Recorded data

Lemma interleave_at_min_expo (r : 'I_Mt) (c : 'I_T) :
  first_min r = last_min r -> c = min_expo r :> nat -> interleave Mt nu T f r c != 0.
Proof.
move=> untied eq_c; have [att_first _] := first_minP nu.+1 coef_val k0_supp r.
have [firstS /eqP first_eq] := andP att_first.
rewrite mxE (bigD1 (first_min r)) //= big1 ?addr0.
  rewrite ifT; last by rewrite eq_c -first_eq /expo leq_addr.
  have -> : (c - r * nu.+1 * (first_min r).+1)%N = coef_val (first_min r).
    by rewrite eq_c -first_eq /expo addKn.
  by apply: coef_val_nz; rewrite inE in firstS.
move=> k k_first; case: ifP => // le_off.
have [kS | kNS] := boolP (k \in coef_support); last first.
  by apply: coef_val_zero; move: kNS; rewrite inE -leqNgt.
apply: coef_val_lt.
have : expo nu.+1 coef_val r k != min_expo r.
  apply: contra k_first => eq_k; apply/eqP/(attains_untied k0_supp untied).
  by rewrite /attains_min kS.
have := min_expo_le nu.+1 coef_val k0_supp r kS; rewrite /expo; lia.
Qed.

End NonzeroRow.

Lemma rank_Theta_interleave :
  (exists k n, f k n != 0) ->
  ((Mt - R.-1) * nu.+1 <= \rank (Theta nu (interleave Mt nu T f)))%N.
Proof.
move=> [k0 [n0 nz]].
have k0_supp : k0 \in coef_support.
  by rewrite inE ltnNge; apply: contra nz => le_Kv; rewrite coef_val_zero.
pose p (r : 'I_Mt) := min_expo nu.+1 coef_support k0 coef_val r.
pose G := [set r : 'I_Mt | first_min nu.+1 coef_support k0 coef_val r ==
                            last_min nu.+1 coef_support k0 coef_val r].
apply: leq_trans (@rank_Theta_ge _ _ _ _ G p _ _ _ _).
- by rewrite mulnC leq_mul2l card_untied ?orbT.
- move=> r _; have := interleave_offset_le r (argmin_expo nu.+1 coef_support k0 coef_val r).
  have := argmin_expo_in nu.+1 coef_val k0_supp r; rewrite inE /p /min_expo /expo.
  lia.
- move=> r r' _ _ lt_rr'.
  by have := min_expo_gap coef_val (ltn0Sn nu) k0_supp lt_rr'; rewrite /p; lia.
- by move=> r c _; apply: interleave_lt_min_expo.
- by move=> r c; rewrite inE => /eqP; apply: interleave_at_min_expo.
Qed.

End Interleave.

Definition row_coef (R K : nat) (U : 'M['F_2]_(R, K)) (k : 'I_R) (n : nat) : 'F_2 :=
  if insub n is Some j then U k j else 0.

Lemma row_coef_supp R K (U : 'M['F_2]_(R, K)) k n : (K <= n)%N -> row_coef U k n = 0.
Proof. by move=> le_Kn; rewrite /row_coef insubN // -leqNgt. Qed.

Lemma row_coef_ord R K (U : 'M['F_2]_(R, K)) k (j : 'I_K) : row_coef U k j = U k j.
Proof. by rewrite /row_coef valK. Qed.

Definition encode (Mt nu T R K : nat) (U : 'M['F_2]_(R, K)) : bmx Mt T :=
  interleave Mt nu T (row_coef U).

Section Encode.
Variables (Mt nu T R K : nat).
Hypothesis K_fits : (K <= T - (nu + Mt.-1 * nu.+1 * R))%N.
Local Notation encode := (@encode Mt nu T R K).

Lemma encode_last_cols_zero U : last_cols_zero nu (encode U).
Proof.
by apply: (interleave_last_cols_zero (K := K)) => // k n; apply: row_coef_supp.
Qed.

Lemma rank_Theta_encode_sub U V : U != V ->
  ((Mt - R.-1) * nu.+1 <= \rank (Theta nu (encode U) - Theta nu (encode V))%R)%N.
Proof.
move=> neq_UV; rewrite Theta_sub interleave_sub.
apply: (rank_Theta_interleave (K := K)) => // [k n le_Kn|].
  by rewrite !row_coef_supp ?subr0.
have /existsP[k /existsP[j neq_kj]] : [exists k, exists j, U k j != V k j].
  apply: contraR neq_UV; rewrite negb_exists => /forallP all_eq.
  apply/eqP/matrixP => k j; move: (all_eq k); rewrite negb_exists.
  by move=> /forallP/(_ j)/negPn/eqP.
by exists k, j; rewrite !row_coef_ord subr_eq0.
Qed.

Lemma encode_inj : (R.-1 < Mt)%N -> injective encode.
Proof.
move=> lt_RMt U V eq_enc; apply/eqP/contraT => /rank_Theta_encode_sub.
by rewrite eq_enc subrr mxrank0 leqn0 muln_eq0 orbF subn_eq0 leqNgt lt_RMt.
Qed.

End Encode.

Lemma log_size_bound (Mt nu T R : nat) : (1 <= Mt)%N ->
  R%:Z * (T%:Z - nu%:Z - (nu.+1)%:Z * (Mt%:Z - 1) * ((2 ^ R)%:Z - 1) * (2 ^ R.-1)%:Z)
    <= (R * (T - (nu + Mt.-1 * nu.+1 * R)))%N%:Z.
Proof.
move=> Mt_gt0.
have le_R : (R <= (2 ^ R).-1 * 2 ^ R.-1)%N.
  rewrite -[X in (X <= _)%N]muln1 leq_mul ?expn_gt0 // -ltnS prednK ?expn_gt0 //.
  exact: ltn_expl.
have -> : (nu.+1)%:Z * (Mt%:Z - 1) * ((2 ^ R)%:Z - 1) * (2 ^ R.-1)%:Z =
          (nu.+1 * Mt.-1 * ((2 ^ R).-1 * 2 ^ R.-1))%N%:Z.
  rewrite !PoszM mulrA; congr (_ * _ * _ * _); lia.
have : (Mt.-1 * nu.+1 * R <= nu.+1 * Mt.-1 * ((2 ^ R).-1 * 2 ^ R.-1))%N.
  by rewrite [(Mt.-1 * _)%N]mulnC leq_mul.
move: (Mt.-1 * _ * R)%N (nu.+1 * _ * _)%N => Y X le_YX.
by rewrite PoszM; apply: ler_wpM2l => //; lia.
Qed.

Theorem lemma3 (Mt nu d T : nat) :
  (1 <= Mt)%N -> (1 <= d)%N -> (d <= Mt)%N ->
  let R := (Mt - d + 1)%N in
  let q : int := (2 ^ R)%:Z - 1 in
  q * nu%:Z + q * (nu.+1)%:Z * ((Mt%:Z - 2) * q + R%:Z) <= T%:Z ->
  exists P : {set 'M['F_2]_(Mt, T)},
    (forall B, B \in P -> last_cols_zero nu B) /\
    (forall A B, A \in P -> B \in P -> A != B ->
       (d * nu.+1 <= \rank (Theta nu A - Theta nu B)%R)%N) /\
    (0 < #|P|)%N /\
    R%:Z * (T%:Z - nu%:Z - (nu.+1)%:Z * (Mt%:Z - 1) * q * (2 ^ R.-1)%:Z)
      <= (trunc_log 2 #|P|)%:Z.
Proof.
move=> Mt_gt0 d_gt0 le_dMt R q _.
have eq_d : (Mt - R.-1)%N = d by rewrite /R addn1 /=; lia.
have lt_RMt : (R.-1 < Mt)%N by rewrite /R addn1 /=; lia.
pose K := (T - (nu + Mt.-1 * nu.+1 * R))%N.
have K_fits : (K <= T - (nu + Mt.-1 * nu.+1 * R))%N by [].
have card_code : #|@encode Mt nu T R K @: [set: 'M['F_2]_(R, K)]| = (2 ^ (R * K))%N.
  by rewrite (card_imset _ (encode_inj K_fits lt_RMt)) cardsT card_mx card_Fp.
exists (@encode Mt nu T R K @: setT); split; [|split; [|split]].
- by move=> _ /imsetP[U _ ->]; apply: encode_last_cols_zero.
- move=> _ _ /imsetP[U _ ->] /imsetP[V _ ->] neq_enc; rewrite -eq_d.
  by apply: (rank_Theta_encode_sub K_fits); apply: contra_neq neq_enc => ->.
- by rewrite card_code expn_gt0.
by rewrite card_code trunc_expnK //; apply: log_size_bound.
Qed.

**YOUR INSTRUCTIONS**
From the data above, copy each line that holds "mulnC".

**OUTPUT BELOW**
- by rewrite mulnC leq_mul2l card_untied ?orbT.
  by rewrite [(Mt.-1 * _)%N]mulnC leq_mul.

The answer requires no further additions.